Obwohl sich Kuhn in seiner Arbeitsweise deutlich vom Logischen Empirismus abgrenzt, steht er dennoch klar unter dem Einfluss dieser Denkrichtung. Ein erstes Indiz dafür, dass der Kontrast
nicht gar so scharf ist, ist die Tatsache, dass The Structure of Scientific
Revolutions als Teil der International Encyclopedia of Unified Science
veröffentlicht wurde. Letztere sollte der Darstellung der logischempiristischen Sichtweise der Wissenschaft dienen und wurde von
Rudolf Carnap und Charles Morris (1901–1979) herausgegeben. Es
existieren zwei Briefe Carnaps an Kuhn, die ersterer in seiner Eigenschaft als Herausgeber verfasste (vgl. Reisch, 1991). In diesen Briefen äußert sich Carnap, der wohl bedeutendste Repräsentant des
Logischen Empirismus, sehr positiv und mit Interesse zu Kuhns
Manuskript. Dies deutet darauf hin, dass Carnap selbst Kuhns Arbeit nicht als Todesstoß für die von ihm vertretene Denkrichtung
betrachtete. Im Gegenteil, John Earman (1993) betont die Parallelen zwischen Kuhns und Carnaps Auffassungen bezüglich der
Schwierigkeit einer ›neutralen‹ (also nicht theoriebeladenen und
nicht sprachabhängigen) Beschreibung der Fakten und der Übersetzung von einer Theoriesprache in eine andere.
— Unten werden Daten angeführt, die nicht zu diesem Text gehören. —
(* There is an absolute constant $K$ such that for every integer $c \ge 0$, the minimal Fibonacci-DFAO generating the sequence $(t(i+c))_{i \ge 0}$ has at most $K(c+1)$ states, where $t(i)$ is the number of $1$s in the canonical Fibonacci (Zeckendorf) representation of $i$, taken modulo $2$.
   Context: The canonical Fibonacci representation of $i \ge 0$ is the unique binary word $x$ without leading zeros and with no factor $11$ such that $i = [x] := \sum_{j=1}^{\ell} x_j F_{\ell-j+2}$ where $x = x_1\cdots x_\ell$ and $F_0=0,F_1=1,F_k=F_{k-1}+F_{k-2}$. A Fibonacci-DFAO reads valid Fibonacci representations (no factor $11$, leading zeros allowed, output independent of leading zeros) most significant digit first, and generates $(s(i))$ if its output on every representation of $i$ is $s(i)$. *)

From mathcomp Require Import all_boot.
Set Implicit Arguments. Unset Strict Implicit. Unset Printing Implicit Defensive.

Fixpoint fib (n : nat) : nat :=
  match n with
  | 0 => 0
  | 1 => 1
  | (m.+1 as p).+1 => fib p + fib m
  end.

(* Value [x] = sum_{j=1}^{l} x_j F_{l-j+2} of a word x = x_1 ... x_l
   (most significant digit first).  With 0-based index j this is
   x_j * F_{l-j+1}. *)
Definition fibval (x : seq bool) : nat :=
  \sum_(j < size x) (nth false x j) * fib (size x - j + 1).

Definition fib_valid (x : seq bool) : bool := ~~ infix [:: true; true] x.

Definition fib_canonical (x : seq bool) : bool :=
  fib_valid x && (if x is b :: _ then b else true).

Definition is_fib_thue_morse (t : nat -> bool) : Prop :=
  forall x, fib_canonical x -> t (fibval x) = odd (count id x).

Definition fib_dfao_generates (Q : finType) (q0 : Q) (d : Q -> bool -> Q)
    (O : Type) (out : Q -> O) (s : nat -> O) : Prop :=
  forall w : seq bool, fib_valid w -> out (foldl d q0 w) = s (fibval w).

From mathcomp Require Import all_boot zify.

(* Let the defect of a valid word y be t([y] + c) + |y|_1 mod 2, so that on input w the
   required output t([w] + c) is the parity of |w|_1 plus the defect of w.  It therefore
   suffices to remember that parity together with a short word r such that every valid
   extension of w has the same defect as the corresponding extension of r.  Adding c <= F_k
   to a word ending in 0y, with y long enough, never carries across that 0, so only the
   last k + 2 digits matter; the one exception is a block 1010, into which a carry can run,
   but 1010s is interchangeable with s.  Storing the parity and the value of a window of
   k + 2 digits takes 2(F_(k+4) + 1) states, which is O(c) when F_(k-1) < c <= F_k. *)

Set Implicit Arguments.
Unset Strict Implicit.
Unset Printing Implicit Defensive.

Lemma fibSS n : fib n.+2 = fib n.+1 + fib n. Proof. by []. Qed.

Arguments fib : simpl never.

Lemma fib_leS n : fib n <= fib n.+1.
Proof. by case: n => [|n] //; rewrite fibSS leq_addr. Qed.

Lemma fib_mono : {homo fib : m n / m <= n}.
Proof. exact: homo_leq leqnn leq_trans fib_leS. Qed.

Lemma fib_gt0 n : 0 < fib n.+1.
Proof. exact: fib_mono 1 n.+1 _. Qed.

Lemma leq_fibS n : n <= fib n.+1.
Proof.
elim: n => [|[|n] IH] //; rewrite fibSS.
by have := fib_gt0 n; lia.
Qed.

Lemma fibval_nil : fibval [::] = 0. Proof. by rewrite /fibval big_ord0. Qed.

Lemma fibval_cons b r : fibval (b :: r) = b * fib (size r).+2 + fibval r.
Proof. by rewrite /fibval /= big_ord_recl subn0 addn1. Qed.

Lemma fibval_cat_swap a y z : size y = size z ->
  fibval (a ++ y) + fibval z = fibval (a ++ z) + fibval y.
Proof.
move=> eq_yz; elim: a => [|b a IH] /=; first by rewrite addnC.
by rewrite !fibval_cons !size_cat eq_yz; lia.
Qed.

Lemma fib_valid_cons b s :
  fib_valid (b :: s) = ~~ (b && head false s) && fib_valid s.
Proof.
rewrite /fib_valid infix_consl negb_or; congr (~~ _ && _).
by case: b; case: s => [|[] s]; rewrite /= ?prefix0s.
Qed.

Lemma fib_valid_catr a s : fib_valid (a ++ s) -> fib_valid s.
Proof. by elim: a => [|b a IH] //= /[!fib_valid_cons] /andP[_ /IH]. Qed.

Lemma fib_valid_catl a s : fib_valid (a ++ s) -> fib_valid a.
Proof.
elim: a => [|b a IH] //=; rewrite !fib_valid_cons => /andP[b_a /IH ->].
by case: a {IH} b_a => [|b' a] /=; rewrite andbT ?andbF.
Qed.

Lemma fib_valid_cat0 a s : fib_valid a -> fib_valid s -> fib_valid (a ++ false :: s).
Proof.
move=> va vs; elim: a va => [|b a IH] /=; first by rewrite fib_valid_cons vs.
rewrite !fib_valid_cons => /andP[b_a /IH ->].
by case: a {IH} b_a => [|b' a] /=; rewrite andbT.
Qed.

Lemma fib_valid_nseq0 n : fib_valid (nseq n false).
Proof. by elim: n. Qed.

Lemma fibval_lt z : fib_valid z -> fibval z < fib (size z).+2.
Proof.
suff lt_z : fib_valid z -> fibval z < fib (size z).+2 /\
    (head false z = false -> fibval z < fib (size z).+1) by case/lt_z.
elim: z => [|b r IH]; first by rewrite fibval_nil.
rewrite fib_valid_cons fibval_cons => /andP[b_r /IH[lt_r lt_r0]].
change (size (b :: r)) with (size r).+1; change (head false (b :: r)) with b.
rewrite (fibSS (size r).+1).
case: b b_r => [/negbTE/lt_r0 lt_r'|_]; first by split=> //; rewrite mul1n; lia.
by split=> //; rewrite mul0n add0n (leq_trans lt_r) ?fib_leS.
Qed.

Fixpoint zeckendorf (m V : nat) : seq bool :=
  if m is m'.+1 then
    if fib m'.+2 <= V then true :: zeckendorf m' (V - fib m'.+2)
    else false :: zeckendorf m' V
  else [::].

Lemma zeckendorfS m V : zeckendorf m.+1 V =
  if fib m.+2 <= V then true :: zeckendorf m (V - fib m.+2) else false :: zeckendorf m V.
Proof. by []. Qed.

Lemma zeckendorfP m V : V < fib m.+2 ->
  [/\ fib_valid (zeckendorf m V), size (zeckendorf m V) = m & fibval (zeckendorf m V) = V].
Proof.
elim: m V => [|m IH] V lt_V.
  by move: lt_V; rewrite ltnS leqn0 => /eqP ->; split; rewrite //= fibval_nil.
rewrite zeckendorfS; case: leqP => [le_V | lt_V'].
  have lt_V' : V - fib m.+2 < fib m.+1 by move: lt_V; rewrite fibSS; lia.
  have [vz sz val_z] := IH _ (leq_trans lt_V' (fib_leS _)).
  split; rewrite ?fibval_cons /= ?sz ?val_z; [|by []|lia].
  rewrite fib_valid_cons vz andbT.
  case: m {IH le_V lt_V vz sz val_z} lt_V' => [|m] //.
  by move=> lt_V; rewrite zeckendorfS leqNgt lt_V.
have [vz sz val_z] := IH _ lt_V'.
by split; rewrite ?fibval_cons /= ?sz ?val_z // fib_valid_cons vz andbT.
Qed.

Lemma fibval_inj z1 z2 : fib_valid z1 -> fib_valid z2 -> size z1 = size z2 ->
  fibval z1 = fibval z2 -> z1 = z2.
Proof.
elim: z1 z2 => [|b1 r1 IH] [|b2 r2] //= /[!fib_valid_cons].
move=> /andP[_ v1] /andP[_ v2] [eq_sz]; rewrite !fibval_cons eq_sz.
have := fibval_lt v1; have := fibval_lt v2; rewrite eq_sz.
case: b1; case: b2 => lt2 lt1 eq_val; rewrite ?mul1n ?mul0n in eq_val; try lia;
  by rewrite (IH r2) //; lia.
Qed.

Lemma fib_thue_morse_valid t x : is_fib_thue_morse t -> fib_valid x ->
  t (fibval x) = odd (count id x).
Proof.
move=> tm; elim: x => [|[] r IH] vx; first exact: tm.
  by apply: tm; rewrite /fib_canonical vx.
by move: vx; rewrite fibval_cons mul0n add0n fib_valid_cons => /IH.
Qed.

Section Shift.

Variables (t : nat -> bool) (c : nat).
Hypothesis tm : is_fib_thue_morse t.

Definition shift_defect (y : seq bool) : bool := t (fibval y + c) (+) odd (count id y).

Definition replaces (w r : seq bool) : Prop := forall x, fib_valid (w ++ x) ->
  fib_valid (r ++ x) /\ shift_defect (w ++ x) = shift_defect (r ++ x).

Lemma replaces_trans u v w : replaces u v -> replaces v w -> replaces u w.
Proof.
move=> uv vw x /uv[/vw[vx eq_vw] eq_uv]; split=> //; congruence.
Qed.

Lemma replaces_rcons w r b : replaces w r -> replaces (rcons w b) (rcons r b).
Proof. by move=> wr x; rewrite -!cats1 -!catA; apply: wr. Qed.

Lemma shift_defect_cons0 y : shift_defect (false :: y) = shift_defect y.
Proof. by rewrite /shift_defect fibval_cons mul0n. Qed.

Lemma replaces_drop0 y : replaces (false :: y) y.
Proof. by move=> x /=; rewrite shift_defect_cons0 fib_valid_cons => /andP[]. Qed.

Lemma replaces_add0 y : replaces y (false :: y).
Proof. by move=> x vyx /=; rewrite shift_defect_cons0 fib_valid_cons vyx. Qed.

Lemma replaces_nil_nseq0 n : replaces [::] (nseq n false).
Proof.
elim: n => [|n IH]; first by [].
exact: replaces_trans IH (@replaces_add0 _).
Qed.

Lemma shift_defect_witness y z : fib_valid z -> fibval z = fibval y + c ->
  shift_defect y = odd (count id z) (+) odd (count id y).
Proof. by move=> vz val_z; rewrite /shift_defect -val_z fib_thue_morse_valid. Qed.

Lemma shift_defect_cat0 a y : fib_valid (a ++ false :: y) ->
  fibval y + c < fib (size y).+2 -> shift_defect (a ++ false :: y) = shift_defect y.
Proof.
move=> v lt_yc.
have va : fib_valid a := fib_valid_catl v.
have vy : fib_valid y by move: v; rewrite -cat_rcons => /fib_valid_catr.
have [vz sz val_z] := zeckendorfP lt_yc.
set z := zeckendorf _ _ in vz sz val_z.
have vaz : fib_valid (a ++ false :: z) by apply: fib_valid_cat0.
have val_az : fibval (a ++ false :: z) = fibval (a ++ false :: y) + c.
  have /= := @fibval_cat_swap a (false :: z) (false :: y).
  by rewrite sz !fibval_cons !mul0n !add0n val_z => /(_ erefl); lia.
rewrite (shift_defect_witness vaz val_az) (shift_defect_witness vz val_z).
rewrite !count_cat /= ?add0n !oddD.
by case: (odd (count id a)); case: (odd (count id z)); case: (odd (count id y)).
Qed.

Lemma replaces_cat00 a s : c <= fib (size s).+1 ->
  replaces (a ++ [:: false, false & s]) (false :: s).
Proof.
move=> le_c x; rewrite -catA !cat_cons => v.
have v0sx : fib_valid (false :: s ++ x) by move: v; rewrite -cat_rcons => /fib_valid_catr.
split=> //; apply: shift_defect_cat0 => //.
have vsx : fib_valid (s ++ x) by move: v0sx; rewrite fib_valid_cons.
have le_c' : c <= fib (size (s ++ x)).+1.
  by rewrite (leq_trans le_c) ?fib_mono ?size_cat ?ltnS ?leq_addr.
have := fibval_lt vsx; rewrite fibval_cons mul0n add0n /= (fibSS (size _).+1); lia.
Qed.

(* With b :: r the Zeckendorf word of [s] + c, the word 1010s + c is 10000r if b = 1
   and 01010r if b = 0, in both cases with as many ones as b :: r modulo 2. *)
Lemma shift_defect_1010 s : fib_valid s -> c <= fib (size s).+1 ->
  shift_defect [:: true, false, true, false & s] = shift_defect s.
Proof.
move=> vs le_c; have lt_V : fibval s + c < fib (size s).+3.
  by have := fibval_lt vs; rewrite (fibSS (size s).+1); lia.
have [vz sz val_z] := zeckendorfP lt_V; rewrite (shift_defect_witness vz val_z).
case: (zeckendorf _ _) vz sz val_z => [|b r] //; rewrite fib_valid_cons fibval_cons.
move=> /andP[_ vr] [sr] val_z.
pose z' := if b then [:: true, false, false, false, false & r]
           else [:: false, true, false, true, false & r].
have vz' : fib_valid z' by rewrite /z'; case: b {val_z z'}; rewrite !fib_valid_cons vr.
have val_z' : fibval z' = fibval [:: true, false, true, false & s] + c.
  have := fibSS (size s).+4; have := fibSS (size s).+3; have := fibSS (size s).+2.
  move: val_z; rewrite /z'.
  by case: b {vz' z'}; rewrite !fibval_cons /= sr ?mul1n ?mul0n; lia.
rewrite (shift_defect_witness vz' val_z') /z'.
by case: b {vz' val_z' val_z z'}; rewrite /= ?add0n ?oddS; case: (odd _); case: (odd _).
Qed.

Lemma replaces_1010 s : c <= fib (size s).+1 -> replaces [:: true, false, true, false & s] s.
Proof.
move=> le_c x v.
have vsx : fib_valid (s ++ x) by apply: (@fib_valid_catr [:: true; false; true; false]).
split=> //; apply: shift_defect_1010 => //.
by rewrite (leq_trans le_c) ?fib_mono ?size_cat ?ltnS ?leq_addr.
Qed.

Definition reduce (u : seq bool) : seq bool :=
  if u is [:: true, false, true, false & s] then [:: false, false, false & s]
  else behead u.

Variable k : nat.
Hypotheses (k_gt0 : 0 < k) (le_c : c <= fib k).

Lemma reduceP u : fib_valid u -> size u = k.+3 ->
  [/\ fib_valid (reduce u), size (reduce u) = k.+2 & replaces u (reduce u)].
Proof.
have le_fibc n : k <= n -> c <= fib n by move=> /fib_mono; apply: leq_trans.
case: u => [|[] u] // vu [su]; last first.
  by move: vu; rewrite fib_valid_cons => /andP[_ vu]; split=> //; apply: replaces_drop0.
case: u vu su => [|[] u] // vu [su]; first by move: vu; rewrite fib_valid_cons.
case: u vu su => [|[] u] // vu [su]; last first.
  move: vu; rewrite !fib_valid_cons /= => vu; split; rewrite /= ?su //.
  apply: (@replaces_trans _ (false :: u)); last exact: replaces_add0.
  by apply: (@replaces_cat00 [:: true]); apply: le_fibc; lia.
case: u vu su => [|[] s] vu su; first by move: k_gt0; rewrite -su.
  by move: vu; rewrite !fib_valid_cons.
move: vu su; rewrite !fib_valid_cons /= => vs ss.
split; rewrite /= -?ss ?fib_valid_cons ?vs //.
apply: (@replaces_trans _ s); first by apply: replaces_1010; apply: le_fibc; lia.
by do 2 apply: replaces_trans (@replaces_add0 _) _; apply: replaces_add0.
Qed.

(* A window is a valid word of length k + 2, stored as its value (< F_(k+4));
   the one extra value lets [inord] serve as the encoding. *)
Definition fib_shift_state := (bool * 'I_(fib k.+4).+1)%type.
Definition encode (r : seq bool) : 'I_(fib k.+4).+1 := inord (fibval r).
Definition decode (i : 'I_(fib k.+4).+1) : seq bool := zeckendorf k.+2 i.

Definition fib_shift_init : fib_shift_state := (false, encode (nseq k.+2 false)).
Definition fib_shift_step (q : fib_shift_state) (b : bool) : fib_shift_state :=
  (q.1 (+) b, encode (reduce (rcons (decode q.2) b))).
Definition fib_shift_out (q : fib_shift_state) : bool := q.1 (+) shift_defect (decode q.2).

Lemma decode_encode r : fib_valid r -> size r = k.+2 -> decode (encode r) = r.
Proof.
move=> vr sr; have lt_r := fibval_lt vr; rewrite sr in lt_r.
rewrite /decode /encode inordK ?(ltn_trans lt_r) //.
have [vz sz val_z] := zeckendorfP lt_r.
by apply: fibval_inj; rewrite ?sz ?sr.
Qed.

Lemma fib_shift_run w : fib_valid w ->
  exists2 r, foldl fib_shift_step fib_shift_init w = (odd (count id w), encode r)
           & [/\ fib_valid r, size r = k.+2 & replaces w r].
Proof.
elim/last_ind: w => [|w b IH] vwb.
  exists (nseq k.+2 false) => //.
  by split; rewrite ?size_nseq ?fib_valid_nseq0 //; apply: replaces_nil_nseq0.
have vw : fib_valid w by move: vwb; rewrite -cats1 => /fib_valid_catl.
have [r run_w [vr sr wr]] := IH vw.
have vrb : fib_valid (rcons r b) by move: vwb; rewrite -!cats1 => /wr[].
have srb : size (rcons r b) = k.+3 by rewrite size_rcons sr.
have [vr' sr' rr'] := reduceP vrb srb.
exists (reduce (rcons r b)).
  rewrite foldl_rcons run_w /fib_shift_step /= decode_encode //.
  by rewrite -[rcons w b]cats1 count_cat /= addn0 oddD oddb.
by split=> //; apply: replaces_trans _ rr'; apply: replaces_rcons.
Qed.

Lemma fib_shift_generates :
  fib_dfao_generates fib_shift_init fib_shift_step fib_shift_out (fun i => t (i + c)).
Proof.
move=> w vw; have [r -> [vr sr wr]] := fib_shift_run vw.
have /wr[_] : fib_valid (w ++ [::]) by rewrite cats0.
rewrite !cats0 => defect_wr.
by rewrite /fib_shift_out /= decode_encode // -defect_wr /shift_defect addbC addbK.
Qed.

End Shift.

Lemma fib_index_linear c : exists k, [/\ 0 < k, c <= fib k & fib k.+4 <= 13 * c.+1].
Proof.
have ex_k : exists k, (0 < k) && (c <= fib k) by exists c.+1; rewrite leq_fibS.
case: (ex_minnP ex_k) => k /andP[k_gt0 le_c] min_k; exists k; split=> //.
case: k k_gt0 le_c min_k => [|[|m]] // _ le_c min_k; first by have : fib 5 = 5 by []; lia.
have lt_c : fib m.+1 < c.
  by rewrite ltnNge; apply/negP => le_c'; have := min_k m.+1; rewrite le_c' ltnn => /(_ isT).
have := fibSS m.+4; have := fibSS m.+3; have := fibSS m.+2; have := fibSS m.+1.
have := fibSS m; have := fib_leS m; lia.
Qed.

Theorem theorem14 :
  exists K : nat,
    forall t : nat -> bool, is_fib_thue_morse t ->
    forall c : nat,
      exists (Q : finType) (q0 : Q) (d : Q -> bool -> Q) (out : Q -> bool),
        fib_dfao_generates q0 d out (fun i => t (i + c)) /\
        #|Q| <= K * c.+1.
Proof.
exists 28 => t tm c.
have [k [k_gt0 le_c le_fib]] := fib_index_linear c.
exists (fib_shift_state k), (fib_shift_init k), (@fib_shift_step k), (@fib_shift_out t c k).
split; first exact: (@fib_shift_generates t c tm k k_gt0 le_c).
by rewrite card_prod card_bool card_ord; lia.
Qed.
Einige der Annahmen, die Kuhn von den Logischen Empiristen
übernimmt, sind zentral für die Entwicklung der Kuhnschen Position. So zeigt Bird (2002, 452), dass Kuhn sich zwar darin von den
Logischen Empiristen unterscheidet, dass er Wahrnehmung und
Beobachtung nicht für theorieunabhängig hält. Umgekehrt übernimmt er aber von ihnen, dass sich die Rolle theoretischer Terme
anhand ihrer Rolle innerhalb der Theorie erschließt. So argumentiert Kuhn z. B., dass der Begriff der Masse in der Newtonschen
Gravitationstheorie ein anderer ist als in Einsteins Relativitätstheorie
(vgl. Kuhn, 1970, 101-102). Bei Kuhn sind also theoretische Terme
abhängig von ihrem theoretischen Kontext, also nicht fix. Des
Weiteren sind Beobachtungsterme paradigmenabhängig, also auch
nicht fix. Angesichts dessen ist es laut Bird alles andere als erstaunlich, dass Kuhn bei der These der Inkommensurabilität anlangt,
eben gestützt auf eine Grundthese des Logischen Empirismus, das
die Bedeutung eines theoretischen Begriffs wie ›Masse‹ nicht stabil
ist jenseits der Formulierung einer neuen Theorie.